### [Brief]
Taking the line with "rewrite !mulmxDl !mulmxDr" as the first and the line with "adj (X *m Y) = adj Y *m adj X." as the last, set down exactly every line in that range from the entries below, and no more.
** Input material follows **
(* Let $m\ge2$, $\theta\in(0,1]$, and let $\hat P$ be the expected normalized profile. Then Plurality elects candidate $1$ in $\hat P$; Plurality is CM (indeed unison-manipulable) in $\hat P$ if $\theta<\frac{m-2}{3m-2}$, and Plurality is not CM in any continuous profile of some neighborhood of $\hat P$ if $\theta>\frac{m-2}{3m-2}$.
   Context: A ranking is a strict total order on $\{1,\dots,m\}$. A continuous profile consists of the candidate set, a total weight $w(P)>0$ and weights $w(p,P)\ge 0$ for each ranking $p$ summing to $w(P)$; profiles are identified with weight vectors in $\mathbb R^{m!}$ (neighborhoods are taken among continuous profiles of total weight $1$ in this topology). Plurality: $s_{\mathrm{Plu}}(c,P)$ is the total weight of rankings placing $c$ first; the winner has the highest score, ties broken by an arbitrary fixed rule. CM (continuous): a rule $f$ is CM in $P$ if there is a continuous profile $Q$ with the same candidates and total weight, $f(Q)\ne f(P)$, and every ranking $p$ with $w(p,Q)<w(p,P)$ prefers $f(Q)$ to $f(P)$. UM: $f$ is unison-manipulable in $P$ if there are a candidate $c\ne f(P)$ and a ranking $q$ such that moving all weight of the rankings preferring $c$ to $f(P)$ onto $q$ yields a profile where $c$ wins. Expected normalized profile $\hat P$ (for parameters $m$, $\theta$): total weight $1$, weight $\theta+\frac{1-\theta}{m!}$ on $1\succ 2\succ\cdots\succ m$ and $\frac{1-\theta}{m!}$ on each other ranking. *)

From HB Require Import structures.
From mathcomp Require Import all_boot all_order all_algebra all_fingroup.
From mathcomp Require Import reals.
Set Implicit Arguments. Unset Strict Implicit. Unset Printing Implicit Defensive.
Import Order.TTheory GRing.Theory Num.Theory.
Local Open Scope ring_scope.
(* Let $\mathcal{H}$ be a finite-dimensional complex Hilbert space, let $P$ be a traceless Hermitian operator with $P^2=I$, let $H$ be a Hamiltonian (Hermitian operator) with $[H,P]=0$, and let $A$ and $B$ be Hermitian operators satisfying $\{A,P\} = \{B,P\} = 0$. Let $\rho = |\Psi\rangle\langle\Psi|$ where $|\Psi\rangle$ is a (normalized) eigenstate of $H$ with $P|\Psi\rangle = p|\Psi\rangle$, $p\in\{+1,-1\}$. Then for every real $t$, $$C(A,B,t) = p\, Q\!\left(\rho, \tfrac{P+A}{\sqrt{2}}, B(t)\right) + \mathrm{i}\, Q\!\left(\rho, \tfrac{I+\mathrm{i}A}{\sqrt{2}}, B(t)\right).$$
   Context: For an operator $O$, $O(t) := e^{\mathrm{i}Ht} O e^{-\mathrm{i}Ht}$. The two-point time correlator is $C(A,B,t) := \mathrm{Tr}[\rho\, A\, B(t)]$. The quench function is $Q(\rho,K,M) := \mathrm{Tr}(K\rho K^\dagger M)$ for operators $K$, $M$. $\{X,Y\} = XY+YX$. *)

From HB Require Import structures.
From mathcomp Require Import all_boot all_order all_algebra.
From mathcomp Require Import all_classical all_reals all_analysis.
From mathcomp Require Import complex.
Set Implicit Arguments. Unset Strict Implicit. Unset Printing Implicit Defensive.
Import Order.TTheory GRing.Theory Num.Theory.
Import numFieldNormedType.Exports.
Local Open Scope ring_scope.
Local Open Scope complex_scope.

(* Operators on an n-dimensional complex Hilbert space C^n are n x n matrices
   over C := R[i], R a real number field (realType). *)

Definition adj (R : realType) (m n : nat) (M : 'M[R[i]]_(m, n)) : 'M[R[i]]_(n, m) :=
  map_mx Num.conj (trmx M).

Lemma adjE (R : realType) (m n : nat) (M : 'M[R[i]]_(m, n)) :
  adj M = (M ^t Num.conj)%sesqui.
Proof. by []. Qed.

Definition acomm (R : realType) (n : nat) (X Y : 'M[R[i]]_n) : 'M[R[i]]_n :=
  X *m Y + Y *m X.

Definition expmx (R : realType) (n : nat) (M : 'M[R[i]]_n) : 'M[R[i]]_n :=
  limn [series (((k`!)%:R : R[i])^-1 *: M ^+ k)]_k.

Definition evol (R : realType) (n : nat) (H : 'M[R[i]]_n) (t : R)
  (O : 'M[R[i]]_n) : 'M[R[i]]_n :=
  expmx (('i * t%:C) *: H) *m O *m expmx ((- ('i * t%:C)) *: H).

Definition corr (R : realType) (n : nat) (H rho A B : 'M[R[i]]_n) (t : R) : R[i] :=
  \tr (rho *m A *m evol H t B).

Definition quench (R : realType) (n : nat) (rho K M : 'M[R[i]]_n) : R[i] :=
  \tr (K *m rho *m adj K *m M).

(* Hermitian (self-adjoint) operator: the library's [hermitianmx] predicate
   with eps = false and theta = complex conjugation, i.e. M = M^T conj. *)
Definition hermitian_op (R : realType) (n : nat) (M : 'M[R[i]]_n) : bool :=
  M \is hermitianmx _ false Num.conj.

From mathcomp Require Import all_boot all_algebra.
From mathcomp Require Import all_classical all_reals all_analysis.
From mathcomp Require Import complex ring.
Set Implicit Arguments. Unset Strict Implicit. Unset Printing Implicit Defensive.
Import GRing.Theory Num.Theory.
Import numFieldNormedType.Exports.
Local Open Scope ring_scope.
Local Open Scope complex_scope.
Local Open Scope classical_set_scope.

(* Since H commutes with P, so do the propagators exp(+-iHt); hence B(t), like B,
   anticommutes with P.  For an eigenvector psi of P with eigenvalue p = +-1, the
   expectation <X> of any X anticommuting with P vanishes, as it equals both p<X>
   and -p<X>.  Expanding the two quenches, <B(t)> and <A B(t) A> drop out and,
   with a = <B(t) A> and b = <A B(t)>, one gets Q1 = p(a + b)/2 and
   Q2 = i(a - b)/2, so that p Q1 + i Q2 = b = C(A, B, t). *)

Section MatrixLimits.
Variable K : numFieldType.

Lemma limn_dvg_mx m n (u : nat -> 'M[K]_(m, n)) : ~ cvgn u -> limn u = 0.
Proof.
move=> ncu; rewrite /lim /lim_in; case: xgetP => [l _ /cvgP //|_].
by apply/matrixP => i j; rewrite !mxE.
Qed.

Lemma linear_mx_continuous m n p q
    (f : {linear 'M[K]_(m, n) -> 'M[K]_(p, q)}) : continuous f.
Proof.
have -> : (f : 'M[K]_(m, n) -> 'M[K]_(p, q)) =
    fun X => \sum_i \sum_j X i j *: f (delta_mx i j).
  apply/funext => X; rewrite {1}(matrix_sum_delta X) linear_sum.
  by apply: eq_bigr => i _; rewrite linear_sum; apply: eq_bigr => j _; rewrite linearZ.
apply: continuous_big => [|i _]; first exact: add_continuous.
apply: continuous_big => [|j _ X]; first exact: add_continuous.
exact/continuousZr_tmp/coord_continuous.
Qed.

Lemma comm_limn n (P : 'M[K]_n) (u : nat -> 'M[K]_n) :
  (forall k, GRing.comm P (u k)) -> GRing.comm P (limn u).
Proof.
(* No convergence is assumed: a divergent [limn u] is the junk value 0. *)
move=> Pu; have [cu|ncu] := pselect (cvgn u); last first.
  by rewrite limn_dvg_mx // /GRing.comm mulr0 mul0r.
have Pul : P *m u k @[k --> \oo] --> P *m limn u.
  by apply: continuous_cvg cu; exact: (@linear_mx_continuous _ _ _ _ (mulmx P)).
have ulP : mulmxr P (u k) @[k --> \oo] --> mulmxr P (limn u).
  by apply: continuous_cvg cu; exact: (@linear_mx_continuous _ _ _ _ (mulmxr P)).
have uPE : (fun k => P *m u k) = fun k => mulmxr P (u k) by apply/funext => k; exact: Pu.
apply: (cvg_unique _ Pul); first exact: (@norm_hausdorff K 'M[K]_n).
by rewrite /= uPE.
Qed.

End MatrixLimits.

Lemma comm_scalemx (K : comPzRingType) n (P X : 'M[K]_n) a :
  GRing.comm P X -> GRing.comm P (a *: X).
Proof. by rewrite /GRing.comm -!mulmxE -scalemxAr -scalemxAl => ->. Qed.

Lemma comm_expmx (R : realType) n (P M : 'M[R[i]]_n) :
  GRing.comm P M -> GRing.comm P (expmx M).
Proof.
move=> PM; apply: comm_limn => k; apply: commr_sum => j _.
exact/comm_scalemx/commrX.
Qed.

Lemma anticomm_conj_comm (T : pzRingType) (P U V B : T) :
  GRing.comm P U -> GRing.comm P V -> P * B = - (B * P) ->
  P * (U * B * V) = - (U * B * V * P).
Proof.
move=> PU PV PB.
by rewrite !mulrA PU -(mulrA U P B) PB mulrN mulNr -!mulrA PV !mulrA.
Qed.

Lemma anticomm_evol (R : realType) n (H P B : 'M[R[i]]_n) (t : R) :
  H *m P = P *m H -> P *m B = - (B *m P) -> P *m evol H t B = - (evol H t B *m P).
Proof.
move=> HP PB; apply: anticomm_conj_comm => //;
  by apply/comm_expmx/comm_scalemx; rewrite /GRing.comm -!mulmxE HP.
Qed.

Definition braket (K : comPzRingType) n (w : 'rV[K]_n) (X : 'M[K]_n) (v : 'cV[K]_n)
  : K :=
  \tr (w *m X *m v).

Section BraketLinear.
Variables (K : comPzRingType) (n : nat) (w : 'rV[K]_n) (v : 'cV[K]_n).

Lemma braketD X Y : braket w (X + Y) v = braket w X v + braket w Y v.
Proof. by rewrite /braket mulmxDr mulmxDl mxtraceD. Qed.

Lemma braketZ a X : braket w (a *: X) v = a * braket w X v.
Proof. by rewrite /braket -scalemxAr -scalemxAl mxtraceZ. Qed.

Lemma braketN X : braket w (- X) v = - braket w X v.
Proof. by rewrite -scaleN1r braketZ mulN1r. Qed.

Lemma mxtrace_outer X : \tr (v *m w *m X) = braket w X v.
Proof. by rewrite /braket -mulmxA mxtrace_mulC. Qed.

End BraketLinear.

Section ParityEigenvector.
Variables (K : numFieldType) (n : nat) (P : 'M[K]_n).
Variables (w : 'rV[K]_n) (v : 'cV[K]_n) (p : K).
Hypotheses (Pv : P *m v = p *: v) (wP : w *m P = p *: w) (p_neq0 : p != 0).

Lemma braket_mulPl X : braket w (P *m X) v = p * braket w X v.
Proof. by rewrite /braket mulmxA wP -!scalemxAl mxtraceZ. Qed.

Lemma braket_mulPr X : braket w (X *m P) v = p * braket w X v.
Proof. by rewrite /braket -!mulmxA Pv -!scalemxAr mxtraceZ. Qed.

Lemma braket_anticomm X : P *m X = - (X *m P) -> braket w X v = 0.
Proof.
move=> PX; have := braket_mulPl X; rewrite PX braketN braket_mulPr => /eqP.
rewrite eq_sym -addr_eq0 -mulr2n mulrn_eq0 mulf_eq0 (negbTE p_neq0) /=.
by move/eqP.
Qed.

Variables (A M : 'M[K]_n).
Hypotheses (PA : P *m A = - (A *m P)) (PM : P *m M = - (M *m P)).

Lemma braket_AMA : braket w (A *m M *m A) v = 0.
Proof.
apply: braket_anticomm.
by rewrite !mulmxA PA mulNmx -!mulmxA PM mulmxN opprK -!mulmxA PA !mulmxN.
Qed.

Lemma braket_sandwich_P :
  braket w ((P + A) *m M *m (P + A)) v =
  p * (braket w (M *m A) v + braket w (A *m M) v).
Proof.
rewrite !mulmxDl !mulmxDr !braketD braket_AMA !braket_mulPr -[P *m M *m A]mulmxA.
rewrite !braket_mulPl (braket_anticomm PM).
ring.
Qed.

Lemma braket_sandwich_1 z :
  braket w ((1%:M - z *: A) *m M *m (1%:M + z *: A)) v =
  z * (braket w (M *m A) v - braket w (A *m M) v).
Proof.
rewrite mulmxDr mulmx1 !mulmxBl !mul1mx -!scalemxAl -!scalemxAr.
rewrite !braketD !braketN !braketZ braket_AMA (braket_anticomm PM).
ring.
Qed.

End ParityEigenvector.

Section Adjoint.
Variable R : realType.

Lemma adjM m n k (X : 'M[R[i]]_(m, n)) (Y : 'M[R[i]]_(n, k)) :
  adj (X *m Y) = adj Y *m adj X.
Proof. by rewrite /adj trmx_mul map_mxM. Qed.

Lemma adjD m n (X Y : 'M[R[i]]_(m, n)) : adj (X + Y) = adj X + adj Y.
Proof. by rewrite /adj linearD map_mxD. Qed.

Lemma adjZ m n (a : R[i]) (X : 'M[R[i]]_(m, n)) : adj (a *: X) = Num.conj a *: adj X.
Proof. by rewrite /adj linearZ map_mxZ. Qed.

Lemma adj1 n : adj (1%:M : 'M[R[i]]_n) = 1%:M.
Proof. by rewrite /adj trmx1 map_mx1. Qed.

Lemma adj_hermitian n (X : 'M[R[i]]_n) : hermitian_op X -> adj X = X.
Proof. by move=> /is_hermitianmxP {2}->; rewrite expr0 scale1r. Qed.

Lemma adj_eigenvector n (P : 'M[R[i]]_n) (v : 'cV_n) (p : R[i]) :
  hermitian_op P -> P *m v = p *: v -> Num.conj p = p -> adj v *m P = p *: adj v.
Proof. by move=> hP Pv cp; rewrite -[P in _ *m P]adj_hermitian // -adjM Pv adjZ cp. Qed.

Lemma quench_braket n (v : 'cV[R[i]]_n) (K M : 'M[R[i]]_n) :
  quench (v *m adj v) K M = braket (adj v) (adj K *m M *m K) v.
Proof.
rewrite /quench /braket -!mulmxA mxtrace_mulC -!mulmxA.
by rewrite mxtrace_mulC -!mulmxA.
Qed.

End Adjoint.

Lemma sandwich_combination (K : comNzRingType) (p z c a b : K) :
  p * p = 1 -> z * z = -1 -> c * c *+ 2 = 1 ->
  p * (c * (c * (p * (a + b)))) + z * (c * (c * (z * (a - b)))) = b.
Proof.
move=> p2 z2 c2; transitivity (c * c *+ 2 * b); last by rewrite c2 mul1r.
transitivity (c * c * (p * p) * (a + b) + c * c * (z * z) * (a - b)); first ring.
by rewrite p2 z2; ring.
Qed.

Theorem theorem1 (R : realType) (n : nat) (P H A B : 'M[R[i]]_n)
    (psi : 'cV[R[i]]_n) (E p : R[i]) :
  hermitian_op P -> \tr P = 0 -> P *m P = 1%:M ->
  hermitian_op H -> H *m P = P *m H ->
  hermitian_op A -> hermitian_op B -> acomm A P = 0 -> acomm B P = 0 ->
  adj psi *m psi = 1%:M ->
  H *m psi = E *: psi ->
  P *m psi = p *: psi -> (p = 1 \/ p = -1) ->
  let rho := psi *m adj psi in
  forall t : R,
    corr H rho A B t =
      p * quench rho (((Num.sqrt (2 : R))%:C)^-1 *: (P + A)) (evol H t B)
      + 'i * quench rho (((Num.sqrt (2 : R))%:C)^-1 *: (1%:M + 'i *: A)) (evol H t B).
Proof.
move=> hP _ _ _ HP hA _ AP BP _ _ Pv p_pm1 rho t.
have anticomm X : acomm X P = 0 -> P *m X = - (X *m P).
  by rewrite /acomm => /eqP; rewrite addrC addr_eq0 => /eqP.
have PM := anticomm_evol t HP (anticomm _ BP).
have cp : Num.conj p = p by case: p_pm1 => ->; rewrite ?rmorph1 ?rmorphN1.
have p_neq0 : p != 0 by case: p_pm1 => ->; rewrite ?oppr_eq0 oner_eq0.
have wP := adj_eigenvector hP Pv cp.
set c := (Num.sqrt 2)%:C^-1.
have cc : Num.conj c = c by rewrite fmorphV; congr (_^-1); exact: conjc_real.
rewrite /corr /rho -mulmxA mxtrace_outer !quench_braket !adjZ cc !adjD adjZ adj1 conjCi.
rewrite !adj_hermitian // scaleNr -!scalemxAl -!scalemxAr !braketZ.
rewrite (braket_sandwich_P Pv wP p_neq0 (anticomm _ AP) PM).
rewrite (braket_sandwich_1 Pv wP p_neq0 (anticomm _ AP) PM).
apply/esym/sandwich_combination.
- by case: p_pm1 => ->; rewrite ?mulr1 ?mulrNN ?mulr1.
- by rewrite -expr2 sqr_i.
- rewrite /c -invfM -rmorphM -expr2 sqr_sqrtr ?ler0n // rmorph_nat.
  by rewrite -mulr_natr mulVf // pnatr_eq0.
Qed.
** End of Input material **
### [Your response]
rewrite !mulmxDl !mulmxDr !braketD braket_AMA !braket_mulPr -[P *m M *m A]mulmxA.
rewrite !braket_mulPl (braket_anticomm PM).
ring.
Qed.

Lemma braket_sandwich_1 z :
  braket w ((1%:M - z *: A) *m M *m (1%:M + z *: A)) v =
  z * (braket w (M *m A) v - braket w (A *m M) v).
Proof.
rewrite mulmxDr mulmx1 !mulmxBl !mul1mx -!scalemxAl -!scalemxAr.
rewrite !braketD !braketN !braketZ braket_AMA (braket_anticomm PM).
ring.
Qed.

End ParityEigenvector.

Section Adjoint.
Variable R : realType.

Lemma adjM m n k (X : 'M[R[i]]_(m, n)) (Y : 'M[R[i]]_(n, k)) :
  adj (X *m Y) = adj Y *m adj X.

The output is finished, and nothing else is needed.